(* Let $P$ and $Q$ be finite $(3+1)$-free posets with the same skeleton. Suppose $P$ and $Q$ have compatible listings $(X_1,\dots,X_m)$ and $(Y_1,\dots,Y_m)$ that yield the same word $w\in\Sigma^*$, and that for each $i$, if $X_i$ (equivalently $Y_i$) is a clone set then $|X_i|=|Y_i|$, and if $X_i$ is a tangle then $X_i$ and $Y_i$ are isomorphic as induced subposets. Then $P\cong Q$. In other words, a $(3+1)$-free poset is determined up to isomorphism by its skeleton together with, for each letter of the skeleton, the cardinality of the corresponding clone set or the isomorphism class of the corresponding tangle.
   Context: A poset $P$ is $(3+1)$-free if there are no $a,b,c,d\in P$ with $a<b<c$ and $d$ incomparable to each of $a,b,c$. For $a\in P$ let $D_a=\{x\in P:x<a\}$, $U_a=\{x\in P:x>a\}$. Write $a\mathrel{\top}b$ if neither of $D_a,D_b$ contains the other, $a\mathrel{\bot}b$ if neither of $U_a,U_b$ contains the other, and $a\approx b$ if $D_a=D_b$ and $U_a=U_b$. A top of a tangle is a subset $A\subseteq P$ with $|A|\ge2$ that is a connected component of the graph on $P$ with edges $\{a,b\}$ for $a\mathrel{\top}b$; a bottom of a tangle is defined likewise using $\bot$. A top $A$ and bottom $B$ are matched if there are distinct $a_1,a_2\in A$, $b_1,b_2\in B$ with $b_1<a_1$, $b_2<a_2$ and the pairs $\{a_1,a_2\},\{b_1,b_2\},\{b_1,a_2\},\{b_2,a_1\}$ incomparable; in a $(3+1)$-free poset this is a perfect matching. A tangle is a matched pair $(A,B)$, identified with $A\cup B$ and its induced subposet; a clone set is an equivalence class of $\approx$ on the vertices in no tangle; clone sets and tangles are the parts of $P$. Levels: $L_1$ = minimal elements of $P$, $L_{k+1}$ = minimal elements of $P\setminus(L_1\cup\dots\cup L_k)$, and $\ell(a)=k$ if $a\in L_k$; each clone set lies in a single level and each tangle lies in $L_i\cup L_{i+1}$ for some $i$. A compatible listing is an ordering $(X_1,\dots,X_m)$ of all parts such that for $a\in X_i$, $b\in X_j$, $i\ne j$: $a<b$ iff $\ell(a)\le\ell(b)-2$, or $\ell(a)=\ell(b)-1$ and $i<j$ (compatible listings exist). Let $\Sigma=\{c_1,c_2,\dots\}\cup\{t_{12},t_{23},\dots,t_{i\,i+1},\dots\}$, $\Sigma^*$ the free monoid on $\Sigma$, and $M$ the quotient of $\Sigma^*$ by the commutation relations $c_ic_j=c_jc_i$ if $|i-j|\ge2$; $c_it_{j\,j+1}=t_{j\,j+1}c_i$ if $i\le j-2$ or $i\ge j+3$; $t_{i\,i+1}t_{j\,j+1}=t_{j\,j+1}t_{i\,i+1}$ if $|i-j|\ge3$. The word of a compatible listing replaces each clone set at level $i$ by $c_i$ and each tangle in levels $\{i,i+1\}$ by $t_{i\,i+1}$; the words of all compatible listings of $P$ have the same image in $M$, called the skeleton of $P$. *)

(* A finite poset is a finType T with a strict order r : rel T
   (r a b means a < b). *)
From mathcomp Require Import all_boot.
From Stdlib Require Import Relation_Operators.
Set Implicit Arguments.
Unset Strict Implicit.
Unset Printing Implicit Defensive.

Section Poset.
Variables (T : finType) (r : rel T).

Definition strict_order : Prop := irreflexive r /\ transitive r.

Definition incomp (a b : T) : bool := [&& a != b, ~~ r a b & ~~ r b a].

Definition free31 : Prop :=
  ~ exists a b c d : T,
      [&& r a b, r b c, incomp d a, incomp d b & incomp d c].

Definition Dset (a : T) : {set T} := [set x | r x a].
Definition Uset (a : T) : {set T} := [set x | r a x].

Definition top_rel (a b : T) : bool :=
  ~~ (Dset a \subset Dset b) && ~~ (Dset b \subset Dset a).
Definition bot_rel (a b : T) : bool :=
  ~~ (Uset a \subset Uset b) && ~~ (Uset b \subset Uset a).
Definition approx (a b : T) : bool := (Dset a == Dset b) && (Uset a == Uset b).

Definition is_top (A : {set T}) : bool :=
  (2 <= #|A|) && [exists a, A == [set x | connect top_rel a x]].
Definition is_bot (B : {set T}) : bool :=
  (2 <= #|B|) && [exists b, B == [set x | connect bot_rel b x]].

Definition matched (A B : {set T}) : bool :=
  [exists a1, exists a2, exists b1, exists b2,
     [&& a1 \in A, a2 \in A, b1 \in B, b2 \in B, a1 != a2, b1 != b2,
         r b1 a1, r b2 a2, incomp a1 a2, incomp b1 b2, incomp b1 a2
       & incomp b2 a1]].

(* a tangle, identified with the union A :|: B of a matched top and bottom *)
Definition is_tangle (S : {set T}) : bool :=
  [exists A : {set T}, exists B : {set T},
     [&& is_top A, is_bot B, matched A B & S == A :|: B]].
Theorem lemma3p3 (R : realType) (U : set 'rV[R]_2)
  (f N alpha That : 'rV[R]_2 -> quat R) :
  open U ->
  conformal_immersion U f ->
  left_normal U f N ->
  holomorphic_sec U N alpha ->
  (forall p, U p -> alpha p != 0) ->
  (exists p q, U p /\ U q /\ alpha p != alpha q) ->
  (* df That alpha = - d alpha *)
  (forall p, U p -> forall X,
      qmul ('D_X f p) (qmul (That p) (alpha p)) = - 'D_X alpha p) ->
  let nu := fun p => qmul (That p) (alpha p) in
  let phihat := fun p => addV (scaleV (psiV f p) (nu p)) (scaleV (eV R) (alpha p)) in
  [/\ is_prolongation U f alpha phihat,
      (forall chi, is_prolongation U f alpha chi ->
         forall p, U p -> chi p = phihat p)
    & ((forall p, U p -> That p != 0) ->
       forall p, U p ->
         qline (phihat p) = qline (f p + qinv (That p), qone R))].
Proof.
move=> openU [Sf conf] _ [Salpha _] alpha0 _ dfnu nu phihat.
have Dfx0 p : U p -> 'D_(ex R) f p != 0 by move=> Up; case: (conf p Up).
pose nu_ex p := qmul (qinv ('D_(ex R) f p)) (- 'D_(ex R) alpha p).
have nuE p : U p -> nu_ex p = nu p by move=> Up; rewrite /nu_ex -(dfnu p Up) qmulKq ?Dfx0.
have Snu : smooth_on U nu.
  move=> n; apply: (Cn_on_eq openU (g := nu_ex)) => //.
  apply: (Cn_qmul openU); first apply: (Cn_qinv openU Dfx0); last apply: (Cn_opp openU).
    exact: Cn_derive (Sf n.+1).
  exact: Cn_derive (Salpha n.+1).
have -> : phihat = fun p => (alpha p + qmul (f p) (nu p), nu p).
  by apply: funext => p; rewrite /phihat scaleV_psiV scaleV_eV /addV /= addr0 addrC.
split; first exact: lift_is_prolongation.
- move=> chi chi_prol p Up.
  have [_ [_ /(_ p Up) [/pi_relE chi1E _]]] := chi_prol.
  have mu_nu : (chi p).2 = nu p.
    by rewrite -nuE // /nu_ex -(prolongation_dfE openU Sf Salpha _ chi_prol Up) qmulKq ?Dfx0.
  by rewrite [chi p]surjective_pairing chi1E mu_nu.
- move=> That0 p Up.
  have nu0 : nu p != 0 by apply: qmul_neq0; [exact: That0 | exact: alpha0].
  suff -> : (alpha p + qmul (f p) (nu p), nu p) = scaleV (f p + qinv (That p), qone R) (nu p).
    by rewrite qline_scaleV.
  by rewrite /scaleV /= qmulDq qmul1q /nu qmulKq ?That0 // addrC.
Qed.
(* Let $P\subset\mathbb{R}^d$ be a full-dimensional lattice polytope with codegree $a$. Then $P$ is nearly Gorenstein if and only if \[(C_P\cap\mathbb{Z}^{d+1})\setminus\{0\} \subseteq \big(\mathrm{int}(C_P)\cap\mathbb{Z}^{d+1}\big) + \big(\mathrm{ant}(C_P)\cap \mathbb{Z}^{d+1}\big).\] In particular, if $P$ is nearly Gorenstein, then \[P\cap\mathbb{Z}^d = \big(\mathrm{int}(C_P)_a\cap\mathbb{Z}^d\big) + \big(\mathrm{ant}(C_P)_{1-a}\cap\mathbb{Z}^d\big).\] The converse of the last statement also holds if $P$ has the integer decomposition property.
   Context: $\mathbf{k}$ is an infinite field. A lattice polytope $P\subset\mathbb{R}^d$ (vertices in $\mathbb{Z}^d$, full-dimensional) has facet presentation $P=\{x\in\mathbb{R}^d : n_F(x)\ge -h_F \text{ for all facets } F\}$, where each $n_F\in(\mathbb{Z}^d)^*$ is the primitive inner normal vector and $h_F\in\mathbb{Z}$. Define $C_P=\{(x,k)\in\mathbb{R}^{d+1}: n_F(x)\ge -kh_F \ \forall F\}$, $\mathrm{int}(C_P)=\{(x,k): n_F(x)> -kh_F\ \forall F\}$, and $\mathrm{ant}(C_P)=\{(x,k): n_F(x)\ge -kh_F-1\ \forall F\}$. For $X\subseteq\mathbb{R}^{d+1}$ and $k\in\mathbb{Z}$, $X_k=\{x\in\mathbb{R}^d: (x,k)\in X\}$. The Ehrhart ring is $A(P)=\mathbf{k}[\mathbf{t}^x s^k : k\in\mathbb{N},\ x\in kP\cap\mathbb{Z}^d]$, graded by $\deg(\mathbf{t}^xs^k)=k$, with graded maximal ideal $\mathbf{m}$ and canonical module $\omega$. The trace of $\omega$ is $\mathrm{tr}(\omega)=\sum_{\phi\in\mathrm{Hom}(\omega,A(P))}\phi(\omega)$; $P$ is nearly Gorenstein if $\mathbf{m}\subseteq \mathrm{tr}(\omega)$. The codegree of $P$ is $a=\min\{k\in\mathbb{Z}_{\ge1}: \mathrm{int}(kP)\cap\mathbb{Z}^d\neq\varnothing\}$. $P$ has the integer decomposition property (IDP) if for every positive integer $k$ every $x\in kP\cap\mathbb{Z}^d$ is a sum of $k$ lattice points of $P$. *)

From HB Require Import structures.
From mathcomp Require Import all_boot all_order all_algebra.
From mathcomp Require Import reals.
From mathcomp.multinomials Require Import monalg.

Set Implicit Arguments.
Unset Strict Implicit.
Unset Printing Implicit Defensive.

Import Order.TTheory GRing.Theory Num.Theory.
Local Open Scope ring_scope.

(* A facet presentation of P is given by m primitive inner
   normals N i and integers h i:  P = {x : <N i, x> >= - h i}.          *)

Definition ipair (d : nat) (n x : 'rV[int]_d) : int := \sum_j n ord0 j * x ord0 j.

Definition rpair (R : numDomainType) (d : nat) (n : 'rV[int]_d) (x : 'rV[R]_d) : R :=
  \sum_j (n ord0 j)%:~R * x ord0 j.

Definition primitive (d : nat) (n : 'rV[int]_d) : Prop :=
  forall c : int, (forall j, (c %| n ord0 j)%Z) -> `|c| = 1.

Definition inP (R : numDomainType) (d m : nat) (N : 'I_m -> 'rV[int]_d)
  (h : 'I_m -> int) (x : 'rV[R]_d) : Prop :=
  forall i, - (h i)%:~R <= rpair (N i) x.

Definition inConv (R : numDomainType) (d : nat) (V : seq 'rV[int]_d) (x : 'rV[R]_d) : Prop :=
  exists lam : 'I_(size V) -> R,
    [/\ forall i, 0 <= lam i, \sum_i lam i = 1 &
        x = \sum_i lam i *: map_mx (fun z : int => z%:~R) V`_i].

Definition lattice_polytope (R : numDomainType) (d m : nat) (N : 'I_m -> 'rV[int]_d)
  (h : 'I_m -> int) : Prop :=
  exists V : seq 'rV[int]_d, forall x : 'rV[R]_d, inP N h x <-> inConv V x.

Definition full_dim (R : numDomainType) (d m : nat) (N : 'I_m -> 'rV[int]_d)
  (h : 'I_m -> int) : Prop :=
  exists x : 'rV[R]_d, forall i, - (h i)%:~R < rpair (N i) x.
Theorem theorem1 (p q h0 z a b etaL etaN L G x0 y0 : R) :
  h0 < z -> 0 < a -> 0 < b -> 0 < etaL -> etaL < etaN -> 0 < L -> 0 < G ->
  (x0, y0) <> (p, q) ->
  (forall x y,
     Hsur a b etaL etaN L G p q h0 z x0 y0 x y
       <= gain a b etaL etaN L G p q h0 z x y) /\
  concave2 (Hsur a b etaL etaN L G p q h0 z x0 y0).
Proof.
  intros Hz Ha Hb HL HLN HLp HG Hn.
  assert (Ha' : 0 <= a) by lra; assert (Hb' : 0 <= b) by lra.
  assert (HLN' : etaL <= etaN) by lra.
  split.
  - intros x y. exact (Hsur_le_gain a b etaL etaN L G p q h0 z x0 y0 x y
                         Hz Ha' Hb' HL HLN' HLp (Rlt_le _ _ HG) Hn).
  - set (L0 := Lambda a b etaL etaN L p q h0 z x0 y0 x0 y0).
    assert (HL0 : 0 < L0).
    { destruct (path_loss_le_Lambda a b etaL etaN L p q h0 z x0 y0 x0 y0
                  Hz Ha' Hb' HL HLN' HLp Hn) as [Hpos Hle].
      fold L0 in Hle; lra. }
    (* H = G (2/L0) - (G/L0^2) Lambda with G/L0^2 >= 0 *)
    apply (concave2_of_convex2 _ (Lambda a b etaL etaN L p q h0 z x0 y0)
             (G * (2 / L0)) (G / L0 ^ 2)).
    + apply Rle_mult_inv_pos; [lra | apply pow_lt; exact HL0].
    + exact (Lambda_convex a b etaL etaN L p q h0 z x0 y0 Hz Ha' Hb' (Rlt_le _ _ HL) HLN'
               (Rlt_le _ _ HLp) Hn).
    + intros x y. unfold Hsur. fold L0. unfold Rdiv; ring.
Qed.
(* Let $\nu\in P$ and let $F:[0,1]\cap\mathbb Q\to\mathbb Q$ be a piecewise linear continuous map with $F(0)=0$ and $F(1)\in a_0^{-1}\mathbb Z$. Then the path $t\mapsto t\nu+F(t)\delta$ is extremal.
   Context: $\mathfrak g$ is an affine Lie algebra over $\mathbb Q$ of affine type with index set $I$, simple coroots $h_j$, fundamental weights $\Lambda_j$, null root $\delta$, $a_0=2$ if $\mathfrak g$ is of type $A^{(2)}_{2\ell}$ and $a_0=1$ otherwise, Weyl group $W=\langle r_j\mid j\in I\rangle$, weight lattice $P=\bigoplus_j\mathbb Z\Lambda_j\oplus\mathbb Za_0^{-1}\delta$. $\mathbb P$ is the set of piecewise linear continuous maps $\pi:[0,1]\cap\mathbb Q\to\mathbb Q\otimes P$ with $\pi(0)=0$, $\pi(1)\in P$. $e_j,f_j$ ($j\in I$) are Littelmann's root operators on $\mathbb P\cup\{\mathbf0\}$. For $j\in I$, $S_j\pi=f_j^n\pi$ if $n=\pi(1)(h_j)\ge0$ and $S_j\pi=e_j^{-n}\pi$ if $n<0$; $w\mapsto S_w$ is the action of $W$ on $\mathbb P$ with $S_{r_j}=S_j$. A path $\pi\in\mathbb P$ is extremal if for every $w\in W$ and every $j\in I$, either $e_jS_w\pi=\mathbf0$ or $f_jS_w\pi=\mathbf0$. *)

From Stdlib Require Import Classical ClassicalEpsilon.
From HB Require Import structures.
From mathcomp Require Import all_boot all_order all_algebra.
Set Implicit Arguments. Unset Strict Implicit. Unset Printing Implicit Defensive.
Import Order.TTheory GRing.Theory Num.Theory.
Local Open Scope ring_scope.

Definition the_min (P : rat -> Prop) : option rat :=
  match excluded_middle_informative
          (exists x : rat, P x /\ forall y, P y -> x <= y) with
  | left h => Some (proj1_sig (constructive_indefinite_description _ h))
  | right _ => None
  end.

Definition the_max (P : rat -> Prop) : option rat :=
  match excluded_middle_informative
          (exists x : rat, P x /\ forall y, P y -> y <= x) with
  | left h => Some (proj1_sig (constructive_indefinite_description _ h))
  | right _ => None
  end.

(* Index set I = {0,...,n} = 'I_n.+1, the distinguished node is ord0. *)
Definition is_GCM (n : nat) (A : 'M[int]_n.+1) : Prop :=
  (forall i, A i i = 2) /\
  (forall i j, i != j -> A i j <= 0) /\
  (forall i j, (A i j == 0) = (A j i == 0)).

Definition indecomposable (n : nat) (A : 'M[int]_n.+1) : Prop :=
  forall J : {set 'I_n.+1}, J != set0 -> J != setT ->
    exists i j, [/\ i \in J, j \notin J & A i j != 0].

Definition affine_type (n : nat) (A : 'M[int]_n.+1) : Prop :=
  let Aq := map_mx (fun z : int => z%:~R : rat) A in
  [/\ \rank Aq = n,
      exists u : 'cV[rat]_n.+1, (forall i, 0 < u i 0) /\ Aq *m u = 0 &
      forall v : 'cV[rat]_n.+1, (forall i, 0 <= (Aq *m v) i 0) -> Aq *m v = 0].

Definition affine_GCM (n : nat) (A : 'M[int]_n.+1) : Prop :=
  [/\ is_GCM A, indecomposable A & affine_type A].

Definition prim_null (n : nat) (A : 'M[int]_n.+1) (a : 'I_n.+1 -> nat) : Prop :=
  [/\ forall i, (0 < a i)%N,
      forall i, \sum_j A i j * (a j)%:Z = 0 &
      \big[gcdn/0%N]_i a i = 1%N].

(* Kac's numbering of the node 0 and the number a_0:
   a = labels (delta = sum a_i alpha_i), av = dual labels (K = sum av_i h_i);
   node 0 has av_0 = 1, a0 = a_0, and a0 = 1 unless no node has a_i = av_i = 1
   (which happens exactly for type A^(2)_(2l), where a_0 = 2). *)
Definition kac_a0 (n : nat) (A : 'M[int]_n.+1) (a0 : nat) : Prop :=
  exists a av : 'I_n.+1 -> nat,
    [/\ prim_null A a, prim_null A^T av, av ord0 = 1%N, a ord0 = a0 &
        (a0 = 1%N \/ ~ exists i, a i = 1%N /\ av i = 1%N)].

(* An element of Q (x) P is sum_j lam_j Lambda_j + c delta, stored as (lam, c). *)
Notation wt n := ({ffun 'I_n.+1 -> rat^o} * rat^o)%type.

Definition delta (n : nat) : wt n := (0, 1).

(* pairing with the simple coroot h_j: <Lambda_i,h_j> = [i==j], <delta,h_j> = 0 *)
Definition pair_h (n : nat) (j : 'I_n.+1) (x : wt n) : rat := x.1 j.

Definition in_P (n : nat) (a0 : nat) (x : wt n) : Prop :=
  (forall j, exists z : int, x.1 j = z%:~R) /\
  exists z : int, x.2 = z%:~R / a0%:R.

Definition alpha (n : nat) (A : 'M[int]_n.+1) (a0 : nat) (j : 'I_n.+1) : wt n :=
  ([ffun i => (A i j)%:~R], if j == ord0 then a0%:R^-1 else 0).

Definition refl (n : nat) (A : 'M[int]_n.+1) (a0 : nat) (j : 'I_n.+1) (x : wt n)
  : wt n := x - pair_h j x *: alpha A a0 j.

Definition piecewise_linear (V : lmodType rat) (p : rat -> V) : Prop :=
  exists s : seq rat,
    [/\ path <%R 0 s, last 0 s = 1 &
        forall a b, (a, b) \in zip (0 :: s) s ->
          forall t, a <= t <= b ->
            p t = p a + ((t - a) / (b - a)) *: (p b - p a)].

Notation lpath n := (rat -> wt n).

Definition is_path (n : nat) (a0 : nat) (p : lpath n) : Prop :=
  [/\ piecewise_linear p, p 0 = 0 & in_P a0 (p 1)].

Definition Hfun (n : nat) (j : 'I_n.+1) (p : lpath n) (t : rat) : rat :=
  pair_h j (p t).

Definition minH (n : nat) (j : 'I_n.+1) (p : lpath n) : option rat :=
  the_min (fun x => exists t, 0 <= t <= 1 /\ Hfun j p t = x).

Definition e_op (n : nat) (A : 'M[int]_n.+1) (a0 : nat) (j : 'I_n.+1)
  (p : lpath n) : option (lpath n) :=
  match minH j p with
  | None => None
  | Some m =>
    if -1 < m then None else
    match the_min (fun t => 0 <= t <= 1 /\ Hfun j p t = m) with
    | None => None
    | Some t1 =>
      match the_max (fun t => 0 <= t <= t1 /\ Hfun j p t = m + 1) with
      | None => None
      | Some t0 =>
        Some (fun t => if t <= t0 then p t
                       else if t <= t1 then p t0 + refl A a0 j (p t - p t0)
                       else p t + alpha A a0 j)
      end
    end
  end.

- - - - -

- **To do**
Please give again the lines above between the line holding "(exists p q, U" and the line holding "exact: Cn_derive (Salpha n.+1).", inclusive, exactly as they are and with nothing added.

- **Problem solution**
  (exists p q, U p /\ U q /\ alpha p != alpha q) ->
  (* df That alpha = - d alpha *)
  (forall p, U p -> forall X,
      qmul ('D_X f p) (qmul (That p) (alpha p)) = - 'D_X alpha p) ->
  let nu := fun p => qmul (That p) (alpha p) in
  let phihat := fun p => addV (scaleV (psiV f p) (nu p)) (scaleV (eV R) (alpha p)) in
  [/\ is_prolongation U f alpha phihat,
      (forall chi, is_prolongation U f alpha chi ->
         forall p, U p -> chi p = phihat p)
    & ((forall p, U p -> That p != 0) ->
       forall p, U p ->
         qline (phihat p) = qline (f p + qinv (That p), qone R))].
Proof.
move=> openU [Sf conf] _ [Salpha _] alpha0 _ dfnu nu phihat.
have Dfx0 p : U p -> 'D_(ex R) f p != 0 by move=> Up; case: (conf p Up).
pose nu_ex p := qmul (qinv ('D_(ex R) f p)) (- 'D_(ex R) alpha p).
have nuE p : U p -> nu_ex p = nu p by move=> Up; rewrite /nu_ex -(dfnu p Up) qmulKq ?Dfx0.
have Snu : smooth_on U nu.
  move=> n; apply: (Cn_on_eq openU (g := nu_ex)) => //.
  apply: (Cn_qmul openU); first apply: (Cn_qinv openU Dfx0); last apply: (Cn_opp openU).
    exact: Cn_derive (Sf n.+1).
  exact: Cn_derive (Salpha n.+1).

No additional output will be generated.